In the fire-fighter model, a fire spreads on the vertices of a graph starting from some initial fire. Each turn all ``non-protected" vertices neighbouring the fire catch fire and burn forever. The ``player" can protect f(n) vertices on his n'th turn and these vertices never catch fire. Given a graph G, The ``asymptotic" fire-fighter problem asks for which $f(n)$ can the fire be contained in a finite set for any initial fire.
This is a quasi-isometry invariant of G, and is especially interesting for Cayley graphs.

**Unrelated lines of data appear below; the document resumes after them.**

(* For all integers $a$ and $\ell$ with $3\le a\le\ell$ there is a connected graph $F$ with $v(F)=\ell$ and $\mathrm{tw}(F)=a-1$ such that $D_{\mathrm{tw}}(F)\le a$. Specifically, $D_{\mathrm{tw}}(L_{a,b})=W_\kappa(L_{a,b})=a$ for all $a\ge3$ and $b\ge0$.
   Context: Graphs are finite simple graphs; $v(F)$ is the number of vertices and $\mathrm{tw}(F)$ the treewidth. A graph is $k$-connected if it has more than $k$ vertices, is connected, and remains connected after removal of any $k-1$ vertices; the connectivity $\kappa(G)$ is the maximum $k$ such that $G$ is $k$-connected. We use first-order logic of graphs with relation symbols for adjacency and equality only; the variable width of a sentence is the number of distinct variables it uses. For a graph parameter $\pi$, $D_\pi(F)$ (resp. $W_\pi(F)$) is the minimum quantifier depth (resp. variable width) of a first-order sentence $\Phi$ for which there is an integer $k$ such that for every connected graph $G$ with $\pi(G)\ge k$, $G\models\Phi$ if and only if $G$ contains a (not necessarily induced) subgraph isomorphic to $F$. For $a\ge3$, $b\ge1$, the lollipop graph $L_{a,b}$ is obtained from the complete graph $K_a$ and the path $P_b$ on $b$ vertices by adding an edge between an end vertex of $P_b$ and a vertex of $K_a$; by convention $L_{a,0}=K_a$. *)

From mathcomp Require Import all_boot.
From Stdlib Require Import ClassicalEpsilon.

Set Implicit Arguments.
Unset Strict Implicit.
Unset Printing Implicit Defensive.

Record graph := Graph {
  vert : finType;
  adj : rel vert;
  adj_sym : symmetric adj;
  adj_irr : irreflexive adj }.

Definition nverts (G : graph) : nat := #|vert G|.

Definition connected (G : graph) : Prop :=
  0 < #|vert G| /\ forall x y : vert G, connect (@adj G) x y.

Definition k_connected (G : graph) (k : nat) : Prop :=
  k < #|vert G| /\ connected G /\
  forall S : {set vert G}, #|S| < k ->
    forall x y : vert G, x \notin S -> y \notin S ->
      connect [rel u v | adj u v && (u \notin S) && (v \notin S)] x y.

Definition kappa (G : graph) : nat :=
  epsilon (inhabits 0%N)
    (fun k => k_connected G k /\ forall k', k_connected G k' -> k' <= k).

Definition subgraph (F G : graph) : Prop :=
  exists f : vert F -> vert G, injective f /\
    forall u v : vert F, adj u v -> adj (f u) (f v).

Definition is_tree (I : finType) (t : rel I) : Prop :=
  symmetric t /\ irreflexive t /\ 0 < #|I| /\
  (forall i j : I, connect t i j) /\
  ~ (exists c : seq I, 2 < size c /\ uniq c /\ cycle t c).

Definition has_tree_decomp (G : graph) (w : nat) : Prop :=
  exists (I : finType) (t : rel I) (B : I -> {set vert G}),
    [/\ is_tree t,
        (forall v : vert G, exists i, v \in B i),
        (forall u v : vert G, adj u v -> exists i, (u \in B i) && (v \in B i)),
        (forall (v : vert G) (i j : I), v \in B i -> v \in B j ->
            connect [rel x y | t x y && (v \in B x) && (v \in B y)] i j)
      & (forall i, #|B i| <= w.+1)].

Definition tw (G : graph) : nat :=
  epsilon (inhabits 0%N)
    (fun w => has_tree_decomp G w /\ forall w', has_tree_decomp G w' -> w <= w').

Inductive form :=
| FAdj of nat & nat
| FEq of nat & nat
| FNot of form
| FAnd of form & form
| FOr of form & form
| FEx of nat & form
| FAll of nat & form.

Definition upd (T : Type) (s : nat -> T) (x : nat) (v : T) : nat -> T :=
  fun n => if n == x then v else s n.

We will first discuss the problem on Polynomial growth groups, where in joint work with Gady Kozma and Rangel Baldasso we show that for groups of growth n^d the threshold is ~n^{d-2}, answerring a conjecture of Devline and Hartke.
We will then move to discuss the case of exponential growth groups where F. Lehner proved that the growth rate is also the order of the threshold for fire-fighting.
This leaves open the case of intermediate growth groups. In joint work with Shangjie Yang we get the correct threshold for a family of intermediate growth groups. To do so we introduce a notion of branching numbers for intermediate growth trees (IBN), which acts as the threshold for several random processes on such trees. We relate the IBN it to firefighting and find and analyze a good tree inside these groups.
If time permits we well also briefly discuss some other fire-fighting related problems.
Based on joint works with R. Baldasso, G. Kozma, M. Gerasimova and S. Yang.